Task objective: The word "shrink" appears in some lines of the records below; state how many lines, and nothing else.

The input:
(* The block map of f permutes P.  Without such y0 it would map the blocks of
   size l_i onto themselves, forcing |D| = l_i for D the block of x0, while D
   is mapped onto a block of size l_(i+1). *)
Lemma exists_larger_source f x0 i :
  inSigma P f -> i.+1 < nsizes P ->
  #|pblock P (f x0)| = lsize P i.+1 -> #|pblock P x0| <= lsize P i ->
  (forall x, #|pblock P x| < #|pblock P (f x)| -> lsize P i.+1 <= #|pblock P (f x)|) ->
  exists y0, #|pblock P (f y0)| = lsize P i /\ #|pblock P x0| < #|pblock P y0|.
Proof.
move=> sf lt_i fx0E x0E minf; set t := lsize P i in x0E *.
have lt_t : t < lsize P i.+1 by apply: lsize_ltn.
case: (boolP [exists y, (#|pblock P (f y)| == t) && (#|pblock P x0| < #|pblock P y|)]).
  by case/existsP => y /andP[/eqP fyE lt_y]; exists y.
move/existsPn => noy; exfalso.
have small y : #|pblock P (f y)| = t -> #|pblock P y| <= #|pblock P x0|.
  by move=> fyE; move: (noy y); rewrite fyE eqxx /= -leqNgt.
have fy_t y : #|pblock P (f y)| = t -> #|pblock P y| = t.
  move=> fyE; apply/eqP; rewrite eqn_leq (leq_trans (small y fyE) x0E) leqNgt.
  by apply/negP => lt_y; have := minf y; rewrite fyE => /(_ lt_y); rewrite leqNgt lt_t.
set L := [set C in P | #|C| == t]; set T := [set B in P | block_image f B \in L].
have TL : T \subset L.
  apply/subsetP => B; rewrite !inE => /andP[PB /andP[_ /eqP fBt]]; rewrite PB /=.
  have [y yB] := block_nonempty PB; rewrite (block_imageE sf PB yB) in fBt.
  by rewrite -(pblock_eq PB yB) fy_t.
have /eqP TeqL : T == L.
  rewrite eqEcard TL card_block_preimage ?leqnn //.
  by apply/subsetP => C; rewrite inE => /andP[].
have [C PC Ct] : exists2 C, C \in P & #|C| = t by apply/block_sizesP; rewrite mem_nth // ltnW.
have [y yC] := block_nonempty PC.
have : C \in T by rewrite TeqL inE PC Ct eqxx.
rewrite inE PC inE (block_imageE sf PC yC) => /and3P[_ _ /eqP /small].
rewrite (pblock_eq PC yC) Ct => t_x0.
have : pblock P x0 \in T by rewrite TeqL inE pblock_in eqn_leq x0E t_x0.
rewrite inE (block_imageE sf (pblock_in x0) (pblock_self x0)) inE fx0E => /and3P[_ _].
by rewrite eqn_leq leqNgt lt_t.
Qed.

Lemma factor_through_B f : inSigma P f -> (exists x, #|pblock P x| < #|pblock P (f x)|) ->
  exists b f', [/\ inSigma P f', inB P b, f = compf b f' & weight f < weight f'].
Proof.
move=> sf /exists_minimal_growth[x0 [grow0 minf]].
set D := pblock P x0 in grow0; set K := pblock P (f x0) in grow0 minf.
have [i lt_i [Ki D_le]] :=
  lsize_pred (block_size_mem (pblock_in x0)) (block_size_mem (pblock_in (f x0))) grow0.
rewrite -/D -/K in Ki D_le; rewrite -Ki in minf.
have [y0 [Ji D_lt]] := exists_larger_source sf lt_i (esym Ki) D_le minf.
set J := pblock P (f y0) in Ji; set E := pblock P y0 in D_lt.
have PJ : J \in P by apply: pblock_in.
have PK : K \in P by apply: pblock_in.
have preK : f @^-1: K = D by apply: preimset_pblock.
have preJ : f @^-1: J = E by apply: preimset_pblock.
have lt_JK : #|J| < #|K| by rewrite Ji -Ki lsize_ltn.
have JK : J != K by apply: contraTneq lt_JK => ->; rewrite ltnn.
have fDK : f @: D \subset K.
  by apply/subsetP => _ /imsetP[x xD ->]; rewrite -preK inE in xD.
have J_gt0 : 0 < #|J| by apply/card_gt0P/block_nonempty.
have fD_JK : #|f @: D| <= #|J| <= #|K|.
  by rewrite (ltnW lt_JK) andbT Ji (leq_trans (leq_imset_card f D)).
have [b [swJK inj_b bb]] := exists_swap_map (blocks_disjoint PJ PK JK) J_gt0 fDK fD_JK.
exists b, (compf b f); split.
- exact: sigma_compf (sigma_swap PJ PK swJK) sf.
- exact: swap_in_B PJ PK swJK inj_b lt_i Ji (esym Ki).
- apply/ffunP => x; rewrite !compfE bb // inE negb_and negbK.
  case: (boolP (f x \in K)) => fxK; rewrite ?orbT // orbF.
  by apply: imset_f; rewrite -preK inE.
- have := weight_swap f PJ PK JK swJK; rewrite preK preJ.
  move: D_lt lt_JK; rewrite -/D -/E; nia.
Qed.

Lemma generated_of_sigma f : inSigma P f -> in_generated_semigroup (gens P) f.
Proof.
have [n] := ubnP (#|X| * #|X| - weight f); elim: n f => // n IHn f lt_w.
have [m] := ubnP (#|X| - #|f @: [set: X]|); elim: m f lt_w => // m IHm f lt_w lt_im sf.
have [/existsP grow|/existsPn noGrow] := boolP [exists x, #|pblock P x| < #|pblock P (f x)|].
  have [b [f' [sf' Bb ef lt_ww]]] := factor_through_B sf grow.
  rewrite ef; apply: generated_semigroup_comp.
    by apply: generated_semigroup_gen; right; left.
  by apply: (IHn f') => //; have := weight_le f'; lia.
have shrink x : #|pblock P (f x)| <= #|pblock P x| by rewrite leqNgt noGrow.
have [small|full] := ltnP #|f @: [set: X]| #|X|.
  have [f' [c [sf' Cc ef ww lt_im']]] := factor_through_C sf small shrink.
  rewrite ef; apply: generated_semigroup_comp; last first.
    by apply: generated_semigroup_gen; right; right.
  by apply: (IHm f'); rewrite ?ww //; have := max_card (f' @: [set: X]); lia.
apply/generated_semigroup_gen; left; apply: (inS_of_injective sf).
have /imset_injP inj_f : #|f @: [set: X]| == #|[set: X]|.
  by rewrite cardsT eqn_leq full max_card.
by move=> x y; apply: inj_f; rewrite inE.
Qed.

End PartitionMaps.

Theorem corollary4p5 (X : finType) (P : {set {set X}}) :
  0 < #|X| -> partition P [set: X] ->
  forall f : {ffun X -> X}, inSigma P f <-> in_generated_semigroup (gens P) f.
Proof.
move=> _ partP f; split; first exact: generated_of_sigma.
apply: generated_semigroup_ind; [exact: sigma_idf | exact: sigma_compf | exact: sigma_of_gens].
Qed.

Written solution: 2